- _ACTION ITEM_
Only lines that contain the word "pose" are to be returned from the data below.

- _SUPPLIED MATERIAL_

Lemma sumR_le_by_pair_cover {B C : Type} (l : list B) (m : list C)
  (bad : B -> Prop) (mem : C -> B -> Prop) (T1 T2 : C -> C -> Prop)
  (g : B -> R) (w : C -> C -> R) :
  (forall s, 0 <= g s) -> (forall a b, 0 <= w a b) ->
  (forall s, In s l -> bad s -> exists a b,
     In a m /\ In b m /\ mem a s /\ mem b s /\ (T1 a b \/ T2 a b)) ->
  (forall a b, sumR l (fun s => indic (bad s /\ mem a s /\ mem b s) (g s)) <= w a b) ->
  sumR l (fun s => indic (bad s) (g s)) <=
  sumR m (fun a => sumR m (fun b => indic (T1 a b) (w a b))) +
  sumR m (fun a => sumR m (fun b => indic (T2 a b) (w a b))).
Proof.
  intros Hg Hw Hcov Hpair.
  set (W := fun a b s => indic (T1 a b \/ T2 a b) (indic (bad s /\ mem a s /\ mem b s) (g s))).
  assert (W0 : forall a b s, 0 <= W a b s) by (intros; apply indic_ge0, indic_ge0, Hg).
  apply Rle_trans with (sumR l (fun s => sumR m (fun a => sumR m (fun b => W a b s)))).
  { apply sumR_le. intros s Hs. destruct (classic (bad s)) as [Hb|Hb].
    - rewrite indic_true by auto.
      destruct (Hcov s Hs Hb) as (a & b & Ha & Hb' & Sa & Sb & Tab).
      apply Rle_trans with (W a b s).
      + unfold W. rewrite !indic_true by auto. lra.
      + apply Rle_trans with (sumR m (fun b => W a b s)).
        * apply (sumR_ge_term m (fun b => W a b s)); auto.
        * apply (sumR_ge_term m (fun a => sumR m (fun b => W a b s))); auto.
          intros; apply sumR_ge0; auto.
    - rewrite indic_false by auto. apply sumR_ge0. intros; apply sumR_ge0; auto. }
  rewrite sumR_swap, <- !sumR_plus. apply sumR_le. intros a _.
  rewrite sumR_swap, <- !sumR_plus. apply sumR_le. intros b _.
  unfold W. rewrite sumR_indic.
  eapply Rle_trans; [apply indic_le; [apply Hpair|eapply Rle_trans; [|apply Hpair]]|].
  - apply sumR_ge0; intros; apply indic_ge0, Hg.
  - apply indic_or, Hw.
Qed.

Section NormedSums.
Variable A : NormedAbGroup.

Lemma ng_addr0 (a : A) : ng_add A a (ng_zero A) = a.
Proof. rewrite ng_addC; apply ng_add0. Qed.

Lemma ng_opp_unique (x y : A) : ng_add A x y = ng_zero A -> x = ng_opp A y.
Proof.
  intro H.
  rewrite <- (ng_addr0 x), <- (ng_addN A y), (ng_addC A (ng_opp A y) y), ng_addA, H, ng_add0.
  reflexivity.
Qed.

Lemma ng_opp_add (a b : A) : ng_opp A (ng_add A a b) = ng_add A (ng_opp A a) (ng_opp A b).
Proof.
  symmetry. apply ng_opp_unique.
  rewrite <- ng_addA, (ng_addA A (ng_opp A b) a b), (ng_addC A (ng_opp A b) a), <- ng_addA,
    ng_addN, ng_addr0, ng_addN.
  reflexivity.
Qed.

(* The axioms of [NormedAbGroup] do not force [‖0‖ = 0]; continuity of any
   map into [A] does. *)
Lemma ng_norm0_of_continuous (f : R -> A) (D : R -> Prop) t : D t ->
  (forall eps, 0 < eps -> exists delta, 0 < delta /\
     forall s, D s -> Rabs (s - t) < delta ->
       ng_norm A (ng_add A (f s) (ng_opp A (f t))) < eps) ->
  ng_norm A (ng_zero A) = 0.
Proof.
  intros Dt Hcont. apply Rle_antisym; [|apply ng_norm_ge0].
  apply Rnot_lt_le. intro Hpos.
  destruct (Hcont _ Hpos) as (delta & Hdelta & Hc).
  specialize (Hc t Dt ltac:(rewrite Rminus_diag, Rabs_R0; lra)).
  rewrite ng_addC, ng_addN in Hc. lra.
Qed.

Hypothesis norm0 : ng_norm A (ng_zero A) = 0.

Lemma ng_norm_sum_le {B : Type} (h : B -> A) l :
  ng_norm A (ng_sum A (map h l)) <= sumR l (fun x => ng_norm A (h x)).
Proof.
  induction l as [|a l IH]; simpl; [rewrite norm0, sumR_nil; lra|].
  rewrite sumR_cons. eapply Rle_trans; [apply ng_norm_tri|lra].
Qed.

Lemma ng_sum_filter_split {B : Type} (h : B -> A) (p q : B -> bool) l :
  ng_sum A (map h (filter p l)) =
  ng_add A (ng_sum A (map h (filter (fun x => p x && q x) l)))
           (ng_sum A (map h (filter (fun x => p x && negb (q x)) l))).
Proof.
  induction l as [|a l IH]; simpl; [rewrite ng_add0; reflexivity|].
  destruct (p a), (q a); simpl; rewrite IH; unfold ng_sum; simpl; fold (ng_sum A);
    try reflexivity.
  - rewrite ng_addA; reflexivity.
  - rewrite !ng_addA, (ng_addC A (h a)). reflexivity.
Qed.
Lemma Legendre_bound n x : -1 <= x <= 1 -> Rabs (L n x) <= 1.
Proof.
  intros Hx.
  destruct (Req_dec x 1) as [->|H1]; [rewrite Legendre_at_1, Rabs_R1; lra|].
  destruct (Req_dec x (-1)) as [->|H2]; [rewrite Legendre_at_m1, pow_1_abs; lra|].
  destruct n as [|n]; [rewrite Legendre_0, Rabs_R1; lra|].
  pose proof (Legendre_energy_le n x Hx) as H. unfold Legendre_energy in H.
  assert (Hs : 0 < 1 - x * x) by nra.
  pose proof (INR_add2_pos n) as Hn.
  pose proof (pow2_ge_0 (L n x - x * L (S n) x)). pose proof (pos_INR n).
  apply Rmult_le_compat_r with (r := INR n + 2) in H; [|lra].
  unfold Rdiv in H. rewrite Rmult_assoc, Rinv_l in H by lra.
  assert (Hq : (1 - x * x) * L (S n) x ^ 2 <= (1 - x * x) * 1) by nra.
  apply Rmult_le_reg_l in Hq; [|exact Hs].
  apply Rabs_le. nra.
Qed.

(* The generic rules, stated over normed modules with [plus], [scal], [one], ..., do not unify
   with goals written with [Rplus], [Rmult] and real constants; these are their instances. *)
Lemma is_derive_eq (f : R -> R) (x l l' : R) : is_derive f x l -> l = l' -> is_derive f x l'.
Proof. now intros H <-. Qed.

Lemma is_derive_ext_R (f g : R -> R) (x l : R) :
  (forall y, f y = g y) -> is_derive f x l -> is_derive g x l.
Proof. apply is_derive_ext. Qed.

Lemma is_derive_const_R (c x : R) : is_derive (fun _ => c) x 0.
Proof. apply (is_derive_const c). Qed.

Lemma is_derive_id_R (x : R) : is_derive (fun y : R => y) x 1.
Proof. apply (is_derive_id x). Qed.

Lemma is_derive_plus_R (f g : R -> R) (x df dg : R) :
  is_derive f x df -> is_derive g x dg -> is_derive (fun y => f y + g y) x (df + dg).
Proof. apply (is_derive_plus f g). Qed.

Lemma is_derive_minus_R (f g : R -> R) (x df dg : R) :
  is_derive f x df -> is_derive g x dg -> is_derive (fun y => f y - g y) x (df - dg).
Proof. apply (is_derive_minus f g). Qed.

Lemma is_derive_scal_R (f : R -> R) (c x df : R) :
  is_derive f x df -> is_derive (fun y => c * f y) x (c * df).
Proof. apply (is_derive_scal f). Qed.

- _FINISHED EXERCISE_
  pose proof (Legendre_energy_le n x Hx) as H. unfold Legendre_energy in H.
  pose proof (INR_add2_pos n) as Hn.
  pose proof (pow2_ge_0 (L n x - x * L (S n) x)). pose proof (pos_INR n).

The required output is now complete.